EXERCISE PROMPT: Your job with the data below is to output exactly the lines from the one holding "(forall a, pf" down to the one holding "assert (g = g')", both included, and no others.

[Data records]
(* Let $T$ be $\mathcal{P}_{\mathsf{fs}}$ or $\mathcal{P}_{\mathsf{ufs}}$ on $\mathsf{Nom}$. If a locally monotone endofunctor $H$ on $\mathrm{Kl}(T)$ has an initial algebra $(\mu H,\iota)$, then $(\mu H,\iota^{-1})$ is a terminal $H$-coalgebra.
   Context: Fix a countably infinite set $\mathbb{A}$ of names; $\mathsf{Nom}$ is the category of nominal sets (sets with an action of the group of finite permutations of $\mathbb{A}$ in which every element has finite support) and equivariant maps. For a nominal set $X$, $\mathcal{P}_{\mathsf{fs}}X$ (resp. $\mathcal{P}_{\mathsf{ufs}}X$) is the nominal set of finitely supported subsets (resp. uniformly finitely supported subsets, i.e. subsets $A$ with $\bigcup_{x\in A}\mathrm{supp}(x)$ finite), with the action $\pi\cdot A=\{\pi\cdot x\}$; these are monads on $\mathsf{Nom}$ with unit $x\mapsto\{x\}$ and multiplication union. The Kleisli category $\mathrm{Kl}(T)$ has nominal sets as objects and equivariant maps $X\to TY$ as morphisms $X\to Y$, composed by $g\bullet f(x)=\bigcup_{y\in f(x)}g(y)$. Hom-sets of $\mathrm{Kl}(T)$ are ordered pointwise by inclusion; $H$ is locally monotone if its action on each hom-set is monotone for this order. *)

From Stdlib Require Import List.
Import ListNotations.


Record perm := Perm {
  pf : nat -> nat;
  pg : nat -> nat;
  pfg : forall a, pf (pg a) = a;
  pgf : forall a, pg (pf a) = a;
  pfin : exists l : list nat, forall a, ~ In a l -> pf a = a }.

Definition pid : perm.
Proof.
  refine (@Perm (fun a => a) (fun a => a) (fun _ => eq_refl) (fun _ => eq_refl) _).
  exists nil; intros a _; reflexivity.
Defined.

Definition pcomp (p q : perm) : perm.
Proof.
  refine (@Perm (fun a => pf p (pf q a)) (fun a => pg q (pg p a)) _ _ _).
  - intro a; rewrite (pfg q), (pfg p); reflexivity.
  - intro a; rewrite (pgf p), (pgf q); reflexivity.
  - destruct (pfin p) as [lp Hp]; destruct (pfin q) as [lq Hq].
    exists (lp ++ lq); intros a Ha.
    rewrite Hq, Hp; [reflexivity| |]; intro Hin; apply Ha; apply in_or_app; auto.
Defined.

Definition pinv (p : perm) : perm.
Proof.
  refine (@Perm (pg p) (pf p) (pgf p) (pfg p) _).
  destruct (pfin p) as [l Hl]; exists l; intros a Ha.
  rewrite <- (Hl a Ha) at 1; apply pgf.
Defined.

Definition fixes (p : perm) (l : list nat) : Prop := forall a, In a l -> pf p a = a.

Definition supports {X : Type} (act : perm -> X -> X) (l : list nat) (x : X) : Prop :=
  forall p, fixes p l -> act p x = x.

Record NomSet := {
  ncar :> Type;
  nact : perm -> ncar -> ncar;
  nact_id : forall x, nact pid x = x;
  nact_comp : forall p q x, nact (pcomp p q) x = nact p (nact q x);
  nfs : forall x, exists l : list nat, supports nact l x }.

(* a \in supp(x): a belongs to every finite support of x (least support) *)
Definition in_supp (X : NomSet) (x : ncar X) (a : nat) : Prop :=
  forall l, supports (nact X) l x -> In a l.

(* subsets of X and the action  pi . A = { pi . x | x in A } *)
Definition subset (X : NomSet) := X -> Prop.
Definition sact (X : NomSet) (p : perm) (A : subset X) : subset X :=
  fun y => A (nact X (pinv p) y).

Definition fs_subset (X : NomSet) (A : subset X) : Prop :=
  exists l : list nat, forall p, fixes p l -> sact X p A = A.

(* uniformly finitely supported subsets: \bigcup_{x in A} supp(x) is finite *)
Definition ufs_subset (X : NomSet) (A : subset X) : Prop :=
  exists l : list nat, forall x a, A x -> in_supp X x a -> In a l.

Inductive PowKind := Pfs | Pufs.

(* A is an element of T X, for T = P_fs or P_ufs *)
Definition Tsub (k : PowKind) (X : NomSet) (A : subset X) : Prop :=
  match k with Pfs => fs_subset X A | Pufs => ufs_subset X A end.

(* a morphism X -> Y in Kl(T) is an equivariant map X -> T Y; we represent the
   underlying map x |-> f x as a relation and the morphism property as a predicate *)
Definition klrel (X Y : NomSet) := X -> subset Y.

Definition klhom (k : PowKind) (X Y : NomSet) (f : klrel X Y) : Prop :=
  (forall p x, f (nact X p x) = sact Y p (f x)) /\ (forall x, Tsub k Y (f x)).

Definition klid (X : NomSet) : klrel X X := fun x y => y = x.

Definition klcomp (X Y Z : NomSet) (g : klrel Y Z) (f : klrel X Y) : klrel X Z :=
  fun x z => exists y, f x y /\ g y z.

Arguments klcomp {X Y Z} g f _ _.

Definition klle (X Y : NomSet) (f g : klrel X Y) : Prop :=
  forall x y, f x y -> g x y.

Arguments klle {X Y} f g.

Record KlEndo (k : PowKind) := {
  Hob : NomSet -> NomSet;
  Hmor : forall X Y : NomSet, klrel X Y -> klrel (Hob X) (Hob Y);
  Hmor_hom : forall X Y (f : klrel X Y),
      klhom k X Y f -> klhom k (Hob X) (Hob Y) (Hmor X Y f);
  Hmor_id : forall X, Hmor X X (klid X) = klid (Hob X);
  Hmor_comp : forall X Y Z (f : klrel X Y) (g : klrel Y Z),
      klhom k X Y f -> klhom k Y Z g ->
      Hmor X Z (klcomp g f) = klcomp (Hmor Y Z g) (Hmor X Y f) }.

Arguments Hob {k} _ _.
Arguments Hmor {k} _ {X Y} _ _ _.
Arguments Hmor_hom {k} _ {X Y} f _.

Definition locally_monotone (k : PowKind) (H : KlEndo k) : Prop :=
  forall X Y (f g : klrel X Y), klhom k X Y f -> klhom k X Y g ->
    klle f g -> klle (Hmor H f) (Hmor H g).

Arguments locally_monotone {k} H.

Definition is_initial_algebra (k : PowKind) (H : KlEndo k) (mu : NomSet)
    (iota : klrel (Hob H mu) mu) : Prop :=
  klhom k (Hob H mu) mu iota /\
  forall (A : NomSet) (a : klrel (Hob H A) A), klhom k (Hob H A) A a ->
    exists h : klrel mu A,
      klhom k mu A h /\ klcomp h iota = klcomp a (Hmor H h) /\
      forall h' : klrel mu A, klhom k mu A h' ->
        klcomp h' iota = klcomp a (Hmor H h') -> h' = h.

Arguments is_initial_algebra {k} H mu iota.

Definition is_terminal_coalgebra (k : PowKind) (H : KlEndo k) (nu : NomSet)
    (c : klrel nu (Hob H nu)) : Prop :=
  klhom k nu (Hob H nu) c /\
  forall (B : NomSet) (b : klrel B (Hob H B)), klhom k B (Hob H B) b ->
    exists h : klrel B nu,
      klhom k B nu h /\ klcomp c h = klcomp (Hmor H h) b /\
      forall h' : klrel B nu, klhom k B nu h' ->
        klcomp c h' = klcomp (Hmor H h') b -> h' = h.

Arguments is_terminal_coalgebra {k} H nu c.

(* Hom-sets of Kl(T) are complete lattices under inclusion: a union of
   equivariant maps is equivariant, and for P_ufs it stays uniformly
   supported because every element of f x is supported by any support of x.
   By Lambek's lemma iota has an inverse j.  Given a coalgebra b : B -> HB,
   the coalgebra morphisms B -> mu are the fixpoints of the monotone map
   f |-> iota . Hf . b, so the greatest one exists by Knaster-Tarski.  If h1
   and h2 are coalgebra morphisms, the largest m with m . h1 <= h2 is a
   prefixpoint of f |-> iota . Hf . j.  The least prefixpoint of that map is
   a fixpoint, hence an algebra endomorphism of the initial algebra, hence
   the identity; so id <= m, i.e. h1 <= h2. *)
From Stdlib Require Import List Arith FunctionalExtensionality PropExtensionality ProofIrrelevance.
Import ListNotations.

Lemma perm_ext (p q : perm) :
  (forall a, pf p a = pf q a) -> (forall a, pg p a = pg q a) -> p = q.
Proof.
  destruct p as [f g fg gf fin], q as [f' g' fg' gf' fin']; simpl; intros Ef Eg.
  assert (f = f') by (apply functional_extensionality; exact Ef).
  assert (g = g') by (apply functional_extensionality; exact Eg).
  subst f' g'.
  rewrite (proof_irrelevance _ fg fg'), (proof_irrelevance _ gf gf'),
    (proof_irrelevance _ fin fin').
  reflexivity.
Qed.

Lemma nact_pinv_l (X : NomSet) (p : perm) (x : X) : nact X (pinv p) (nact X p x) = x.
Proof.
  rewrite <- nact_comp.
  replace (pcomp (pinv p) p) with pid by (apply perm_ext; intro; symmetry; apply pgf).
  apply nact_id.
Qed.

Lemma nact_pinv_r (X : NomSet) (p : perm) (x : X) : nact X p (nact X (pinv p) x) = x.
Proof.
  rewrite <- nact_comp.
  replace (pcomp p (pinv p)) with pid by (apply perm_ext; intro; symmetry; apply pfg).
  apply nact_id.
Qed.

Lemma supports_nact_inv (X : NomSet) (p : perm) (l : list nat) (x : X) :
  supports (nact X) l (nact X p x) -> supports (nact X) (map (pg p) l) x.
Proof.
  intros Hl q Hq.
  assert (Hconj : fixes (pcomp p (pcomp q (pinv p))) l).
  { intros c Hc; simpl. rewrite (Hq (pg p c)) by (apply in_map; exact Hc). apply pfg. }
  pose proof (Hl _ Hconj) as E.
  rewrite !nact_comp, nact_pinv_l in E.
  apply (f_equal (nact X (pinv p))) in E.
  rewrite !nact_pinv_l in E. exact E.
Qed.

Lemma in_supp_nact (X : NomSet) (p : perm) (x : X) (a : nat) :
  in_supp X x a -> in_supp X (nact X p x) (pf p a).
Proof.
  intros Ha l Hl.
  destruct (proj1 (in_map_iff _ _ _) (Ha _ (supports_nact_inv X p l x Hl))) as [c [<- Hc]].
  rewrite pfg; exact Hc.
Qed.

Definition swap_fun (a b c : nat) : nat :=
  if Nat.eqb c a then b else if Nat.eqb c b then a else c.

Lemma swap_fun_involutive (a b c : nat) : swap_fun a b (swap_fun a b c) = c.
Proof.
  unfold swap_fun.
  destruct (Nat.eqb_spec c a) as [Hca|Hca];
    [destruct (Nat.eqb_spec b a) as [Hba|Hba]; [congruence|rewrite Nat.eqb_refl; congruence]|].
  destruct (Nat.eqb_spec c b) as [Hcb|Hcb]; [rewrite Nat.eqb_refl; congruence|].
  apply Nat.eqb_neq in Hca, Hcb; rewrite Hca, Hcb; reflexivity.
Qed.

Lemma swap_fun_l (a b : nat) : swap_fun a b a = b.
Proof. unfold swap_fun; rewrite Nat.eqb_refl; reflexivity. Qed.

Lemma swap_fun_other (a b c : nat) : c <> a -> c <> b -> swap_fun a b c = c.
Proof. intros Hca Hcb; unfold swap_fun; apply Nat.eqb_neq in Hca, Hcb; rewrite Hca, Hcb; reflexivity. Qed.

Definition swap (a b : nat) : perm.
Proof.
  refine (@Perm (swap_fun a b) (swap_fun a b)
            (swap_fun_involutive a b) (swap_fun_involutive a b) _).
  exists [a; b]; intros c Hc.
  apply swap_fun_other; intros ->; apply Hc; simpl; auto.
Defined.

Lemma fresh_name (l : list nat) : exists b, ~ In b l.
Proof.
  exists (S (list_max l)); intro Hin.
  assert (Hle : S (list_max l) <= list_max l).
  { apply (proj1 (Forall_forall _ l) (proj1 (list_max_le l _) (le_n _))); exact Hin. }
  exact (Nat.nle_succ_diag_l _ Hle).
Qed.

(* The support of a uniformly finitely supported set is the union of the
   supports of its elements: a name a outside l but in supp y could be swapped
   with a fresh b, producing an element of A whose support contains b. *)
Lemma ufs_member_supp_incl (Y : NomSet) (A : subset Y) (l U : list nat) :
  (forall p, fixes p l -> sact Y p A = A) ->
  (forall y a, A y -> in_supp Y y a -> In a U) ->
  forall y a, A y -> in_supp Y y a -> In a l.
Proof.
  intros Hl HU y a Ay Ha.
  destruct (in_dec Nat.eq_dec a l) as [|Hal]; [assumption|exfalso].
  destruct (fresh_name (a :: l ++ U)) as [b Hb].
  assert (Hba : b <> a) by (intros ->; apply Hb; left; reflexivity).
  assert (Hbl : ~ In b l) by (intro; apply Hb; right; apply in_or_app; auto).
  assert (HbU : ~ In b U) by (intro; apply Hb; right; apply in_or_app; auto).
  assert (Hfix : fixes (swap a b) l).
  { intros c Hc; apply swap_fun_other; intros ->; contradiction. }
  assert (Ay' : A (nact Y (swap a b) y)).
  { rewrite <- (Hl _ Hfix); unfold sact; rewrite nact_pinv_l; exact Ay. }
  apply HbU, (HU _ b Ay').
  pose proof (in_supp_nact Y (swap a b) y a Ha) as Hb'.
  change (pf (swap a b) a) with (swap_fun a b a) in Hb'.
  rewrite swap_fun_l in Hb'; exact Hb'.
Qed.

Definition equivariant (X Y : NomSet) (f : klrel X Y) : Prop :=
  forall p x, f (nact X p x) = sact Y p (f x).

...

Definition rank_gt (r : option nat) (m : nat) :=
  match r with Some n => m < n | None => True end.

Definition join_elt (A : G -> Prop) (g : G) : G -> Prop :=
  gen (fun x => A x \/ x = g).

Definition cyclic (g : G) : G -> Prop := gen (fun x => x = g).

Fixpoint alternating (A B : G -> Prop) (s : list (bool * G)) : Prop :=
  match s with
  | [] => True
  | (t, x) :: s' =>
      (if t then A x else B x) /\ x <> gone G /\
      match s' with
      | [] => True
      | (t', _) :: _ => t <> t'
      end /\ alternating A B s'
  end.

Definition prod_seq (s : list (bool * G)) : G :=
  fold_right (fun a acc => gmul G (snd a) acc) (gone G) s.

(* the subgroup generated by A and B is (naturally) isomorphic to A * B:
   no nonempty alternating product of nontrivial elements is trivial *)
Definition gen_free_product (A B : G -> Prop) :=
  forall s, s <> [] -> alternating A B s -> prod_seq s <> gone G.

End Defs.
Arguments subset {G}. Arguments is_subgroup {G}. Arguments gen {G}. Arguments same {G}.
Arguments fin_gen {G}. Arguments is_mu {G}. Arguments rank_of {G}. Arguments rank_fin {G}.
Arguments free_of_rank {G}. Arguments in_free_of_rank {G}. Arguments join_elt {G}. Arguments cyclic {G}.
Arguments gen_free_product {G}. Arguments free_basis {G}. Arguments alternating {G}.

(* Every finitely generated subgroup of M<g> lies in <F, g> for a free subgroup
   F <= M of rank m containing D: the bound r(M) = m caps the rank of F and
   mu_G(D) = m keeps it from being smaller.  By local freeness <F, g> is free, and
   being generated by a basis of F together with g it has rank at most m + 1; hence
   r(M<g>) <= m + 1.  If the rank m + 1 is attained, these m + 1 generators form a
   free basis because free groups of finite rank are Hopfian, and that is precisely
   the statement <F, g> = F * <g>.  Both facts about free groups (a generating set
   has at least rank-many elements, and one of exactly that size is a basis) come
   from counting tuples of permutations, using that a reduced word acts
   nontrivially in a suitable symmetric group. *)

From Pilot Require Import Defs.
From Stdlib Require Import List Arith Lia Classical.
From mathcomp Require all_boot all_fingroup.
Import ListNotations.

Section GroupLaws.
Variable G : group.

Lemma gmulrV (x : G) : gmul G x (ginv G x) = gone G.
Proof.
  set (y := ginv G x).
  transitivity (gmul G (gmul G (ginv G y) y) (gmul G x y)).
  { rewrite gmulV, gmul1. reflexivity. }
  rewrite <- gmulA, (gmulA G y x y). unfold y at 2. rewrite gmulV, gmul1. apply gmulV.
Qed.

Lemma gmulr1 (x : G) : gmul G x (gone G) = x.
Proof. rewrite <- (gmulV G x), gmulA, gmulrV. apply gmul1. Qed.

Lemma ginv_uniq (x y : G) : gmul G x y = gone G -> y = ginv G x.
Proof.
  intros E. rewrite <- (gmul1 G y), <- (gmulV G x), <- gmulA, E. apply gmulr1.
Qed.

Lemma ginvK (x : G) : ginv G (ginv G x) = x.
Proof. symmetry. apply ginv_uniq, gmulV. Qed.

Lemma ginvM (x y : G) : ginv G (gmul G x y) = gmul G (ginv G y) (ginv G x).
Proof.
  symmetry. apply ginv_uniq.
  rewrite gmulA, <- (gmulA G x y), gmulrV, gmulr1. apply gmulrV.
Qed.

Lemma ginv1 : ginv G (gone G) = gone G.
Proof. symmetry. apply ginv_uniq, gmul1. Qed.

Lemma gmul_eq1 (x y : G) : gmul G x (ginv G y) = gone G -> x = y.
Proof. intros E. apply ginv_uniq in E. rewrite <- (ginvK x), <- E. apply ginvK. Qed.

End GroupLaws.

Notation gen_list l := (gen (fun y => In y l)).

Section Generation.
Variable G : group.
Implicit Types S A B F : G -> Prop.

SOLVED PROBLEM:
  (forall a, pf p a = pf q a) -> (forall a, pg p a = pg q a) -> p = q.
Proof.
  destruct p as [f g fg gf fin], q as [f' g' fg' gf' fin']; simpl; intros Ef Eg.
  assert (f = f') by (apply functional_extensionality; exact Ef).
  assert (g = g') by (apply functional_extensionality; exact Eg).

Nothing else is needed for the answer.